I love it when my husband commented a few weeks ago, "Look how crystal clear that water is"

Thats even better than noticing a new haircut!


----------



## mrbelvedere138 (Jan 18, 2006)

OH! Those little red shrimp are sooooooo cute! And your little neon looking fish (endler's) are adorable!!! So says the girlfriend. Never noticed the plants, though...........


----------



## JanS (Apr 14, 2004)

I guess I'm desperate and think it's great when someone comes over and even notices that there are tanks in right in front of their face, and when they go as far as asking if the plants in the tanks are really real, I'm thrilled. 

Signed, 
Lonely plant girl of the north....


----------



## Pseud (Oct 19, 2005)

Whenever we have guests and they compliment the tank it really makes me happy... until I start talking at them rapidly about all the plants, and how cool they are and reeling off the latin names, and then before I've even finished that sentence i'm moving into talking about the rams and how much character they have... and their eyes glazed over a looooooooong time ago.. 

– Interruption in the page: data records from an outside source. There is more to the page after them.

(* Let $n_1,n_2$ be positive integers with $n_1\ge n_2$. Let $C_1$ be a collection of $2^{3n_1}$ squares of the form $[i4^{-n_1},(i+1)4^{-n_1}]\times[j4^{-n_1},(j+1)4^{-n_1}]$ ($0\le i,j<4^{n_1}$) such that each column $[j4^{-n_1},(j+1)4^{-n_1}]\times[0,1]$, $j=0,\dots,4^{n_1}-1$, contains exactly $2^{n_1}$ squares of $C_1$. Then one can choose, inside each square of $C_1$, exactly $2^{n_2}$ of its $4^{2n_2}$ grid subsquares of side length $4^{-(n_1+n_2)}$, in such a way that every column $[j4^{-(n_1+n_2)},(j+1)4^{-(n_1+n_2)}]\times[0,1]$, $j=0,\dots,4^{n_1+n_2}-1$, contains at least one chosen subsquare. *)

From mathcomp Require Import all_boot.
Set Implicit Arguments. Unset Strict Implicit. Unset Printing Implicit Defensive.

(* Grid squares of level n: a square [i 4^-n,(i+1)4^-n] x [j 4^-n,(j+1)4^-n]
   is encoded by the pair (i, j) : 'I_(4^n) * 'I_(4^n); i is the horizontal
   (x) index, so the square lies in column i. *)
Definition square (n : nat) := ('I_(4 ^ n) * 'I_(4 ^ n))%type.

Definition column (n : nat) (s : square n) : 'I_(4 ^ n) := s.1.

Definition subsquare_of (n1 n2 : nat) (t : square (n1 + n2)) (s : square n1) : bool :=
  ((t.1 : nat) %/ 4 ^ n2 == s.1) && ((t.2 : nat) %/ 4 ^ n2 == s.2).
Arguments subsquare_of : clear implicits.

From mathcomp Require Import all_boot.
Set Implicit Arguments. Unset Strict Implicit. Unset Printing Implicit Defensive.

(* Split each column of level n1 into its 4^n2 = 2^n2 * 2^n2 subcolumns,
   grouped into 2^n2 blocks of 2^n2 consecutive ones.  The column contains
   2^n1 >= 2^n2 squares of C1; number them 0, 1, 2, ... and let the square
   numbered r (mod 2^n2) choose one subsquare in each subcolumn of block r
   (on the diagonal of its subgrid, say).  Every square then gets exactly
   2^n2 subsquares, and the squares numbered 0, ..., 2^n2 - 1 of each column
   together reach all of its subcolumns. *)

Section AppendDigit.
Variables m n : nat.

Lemma append_digit_subproof (i : 'I_m) (d : 'I_n) : i * n + d < m * n.
Proof.
by rewrite (leq_trans (_ : _ < i.+1 * n)) ?leq_mul2r ?ltn_ord ?orbT // mulSnr ltn_add2l.
Qed.

Definition append_digit (i : 'I_m) (d : 'I_n) : 'I_(m * n) :=
  Ordinal (append_digit_subproof i d).

Lemma append_digit_div i d : append_digit i d %/ n = i.
Proof. by rewrite /= divnMDl ?divn_small ?addn0 // (leq_ltn_trans _ (ltn_ord d)). Qed.

Lemma append_digit_mod i d : append_digit i d %% n = d.
Proof. by rewrite /= modnMDl modn_small. Qed.

Lemma append_digit_inj i : injective (append_digit i).
Proof.
move=> d d' /(congr1 (fun k : 'I_(m * n) => k %% n)).
by rewrite !append_digit_mod => /val_inj.
Qed.

Lemma append_digitP (k : 'I_(m * n)) : exists i d, k = append_digit i d.
Proof.
have /andP[_ n_gt0] : (0 < m) && (0 < n).
  by rewrite -muln_gt0 (leq_ltn_trans _ (ltn_ord k)).
have lt_div : k %/ n < m by rewrite ltn_divLR.
exists (Ordinal lt_div), (Ordinal (ltn_pmod k n_gt0)).
by apply: val_inj; rewrite /= -divn_eq.
Qed.

End AppendDigit.

Section Refinement.
Variables n1 n2 : nat.

Definition sub_index (i : 'I_(4 ^ n1)) (d : 'I_(4 ^ n2)) : 'I_(4 ^ (n1 + n2)) :=
  cast_ord (esym (expnD 4 n1 n2)) (append_digit i d).

Lemma sub_index_inj i : injective (sub_index i).
Proof. by move=> d d' /cast_ord_inj /append_digit_inj. Qed.

Lemma sub_indexP (J : 'I_(4 ^ (n1 + n2))) : exists i d, J = sub_index i d.
Proof.
have [i [d eJ]] := append_digitP (cast_ord (expnD 4 n1 n2) J).
by exists i, d; apply: val_inj; exact: (congr1 val eJ).
Qed.

Definition subsquare (s : square n1) (d : 'I_(4 ^ n2)) : square (n1 + n2) :=
  (sub_index s.1 d, sub_index s.2 d).

Lemma subsquare_ofP s d : subsquare_of n1 n2 (subsquare s d) s.
Proof. by rewrite /subsquare_of !(append_digit_div (m := 4 ^ n1)) !eqxx. Qed.

Lemma subsquare_of_uniq t s s' :
  subsquare_of n1 n2 t s -> subsquare_of n1 n2 t s' -> s = s'.
Proof.
case/andP=> /eqP e1 /eqP e2 /andP[/eqP e1' /eqP e2'].
case: s s' e1 e2 e1' e2' => [i j] [i' j'] /= e1 e2 e1' e2'.
by congr pair; apply: ord_inj; [rewrite -e1 -e1' | rewrite -e2 -e2'].
Qed.

Lemma subsquare_inj s : injective (subsquare s).
Proof. by move=> d d' /(congr1 fst) /sub_index_inj. Qed.

End Refinement.

Section Selection.
Variables (n1 n2 : nat) (C1 : {set square n1}).

Definition column_rank (s : square n1) : nat :=
  index s (enum [set s' in C1 | column s' == column s]).

Lemma slot_subproof s : column_rank s %% 2 ^ n2 < 2 ^ n2.
Proof. by rewrite ltn_mod expn_gt0. Qed.

Definition slot (s : square n1) : 'I_(2 ^ n2) := Ordinal (slot_subproof s).

Definition block_digit (q b : 'I_(2 ^ n2)) : 'I_(4 ^ n2) :=
  cast_ord (esym (expnMn 2 2 n2)) (append_digit q b).

Definition chosen_subsquare (s : square n1) (b : 'I_(2 ^ n2)) : square (n1 + n2) :=
  subsquare s (block_digit (slot s) b).

Definition selection : {set square (n1 + n2)} :=
  [set chosen_subsquare s b | s in C1, b in 'I_(2 ^ n2)].

Lemma selection_sub t :
  t \in selection -> exists2 s, s \in C1 & subsquare_of n1 n2 t s.
Proof. by case/imset2P=> s b sC1 _ ->; exists s => //; apply: subsquare_ofP. Qed.

Lemma selection_within s : s \in C1 ->
  [set t in selection | subsquare_of n1 n2 t s] =
  [set chosen_subsquare s b | b : 'I_(2 ^ n2)].
Proof.
move=> sC1; apply/setP=> t; rewrite !inE; apply/andP/imsetP => [[]|[b _ ->]].
- case/imset2P=> s' b s'C1 _ -> /(subsquare_of_uniq (subsquare_ofP _ _)) eq_s.
  by exists b => //; rewrite eq_s.
- by split; [apply/imset2P; exists s b | apply: subsquare_ofP].
Qed.

Lemma card_selection_within s : s \in C1 ->
  #|[set t in selection | subsquare_of n1 n2 t s]| = 2 ^ n2.
Proof.
move=> sC1; rewrite selection_within // card_imset ?card_ord // => b b'.
by move/subsquare_inj/cast_ord_inj/append_digit_inj.
Qed.

Hypothesis column_large :
  forall j : 'I_(4 ^ n1), 2 ^ n2 <= #|[set s in C1 | column s == j]|.

Lemma slot_surj (j : 'I_(4 ^ n1)) (q : 'I_(2 ^ n2)) :
  exists s, [/\ s \in C1, column s = j & slot s = q].
Proof.
set S := [set s in C1 | column s == j].
have q_lt : q < size (enum S) by rewrite -cardE (leq_trans _ (column_large j)).
set s := nth (j, j) (enum S) q.
have : s \in S by rewrite -mem_enum mem_nth.
rewrite inE => /andP[sC1 /eqP col_s]; exists s; split=> //.
apply: val_inj; rewrite /= /column_rank col_s -/S index_uniq ?enum_uniq //.
exact: modn_small.
Qed.

Lemma selection_covers (J : 'I_(4 ^ (n1 + n2))) :
  exists2 t, t \in selection & column t == J.
Proof.
have [j [d ->]] := sub_indexP J.
have [q [b e_d]] := append_digitP (cast_ord (expnMn 2 2 n2) d).
have [s [sC1 col_s slot_s]] := slot_surj j q.
exists (chosen_subsquare s b); first by apply/imset2P; exists s b.
rewrite /column /= -/(column s) col_s slot_s; apply/eqP; congr sub_index.
by apply: val_inj; move/(congr1 val): e_d => /= ->.
Qed.

End Selection.

Theorem lemma3p1 (n1 n2 : nat) (hn2 : 0 < n2) (hn12 : n2 <= n1)
  (C1 : {set square n1})
  (hcard : #|C1| = 2 ^ (3 * n1))
  (hcol : forall j : 'I_(4 ^ n1), #|[set s in C1 | column s == j]| = 2 ^ n1) :
  exists D : {set square (n1 + n2)},
    (forall t, t \in D -> exists2 s, s \in C1 & subsquare_of n1 n2 t s) /\
    (forall s, s \in C1 -> #|[set t in D | subsquare_of n1 n2 t s]| = 2 ^ n2) /\
    (forall j : 'I_(4 ^ (n1 + n2)), exists2 t, t \in D & column t == j).
Proof.
have column_large j : 2 ^ n2 <= #|[set s in C1 | column s == j]|.
  by rewrite hcol leq_exp2l.
exists (selection n2 C1); split; [|split].
- exact: selection_sub.
- exact: card_selection_within.
- exact: selection_covers.
Qed.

hehe. It's hard when your spouse doesn't share as much enthusiasm, so as soon as someone shows an interest you get so exciting that you just can't help yourself!

Although, my wife has commented a couple of times 'the tank looks good', which is nice


----------



## T-Bone (Nov 23, 2005)

My fiance isn't into the tanks nearly as much as I am. But she does have some interest. She even has given her imput in plant placement, or rock placement. She does have an artistic eye for decorating. Perhaps if your spouces had some imput or thoughts into the tanks they might get a bit more interested. I'm not talking about letting them think they have say. I mean really giving them some imput. But then again its not me "letting" her have say I truly want her opinion. 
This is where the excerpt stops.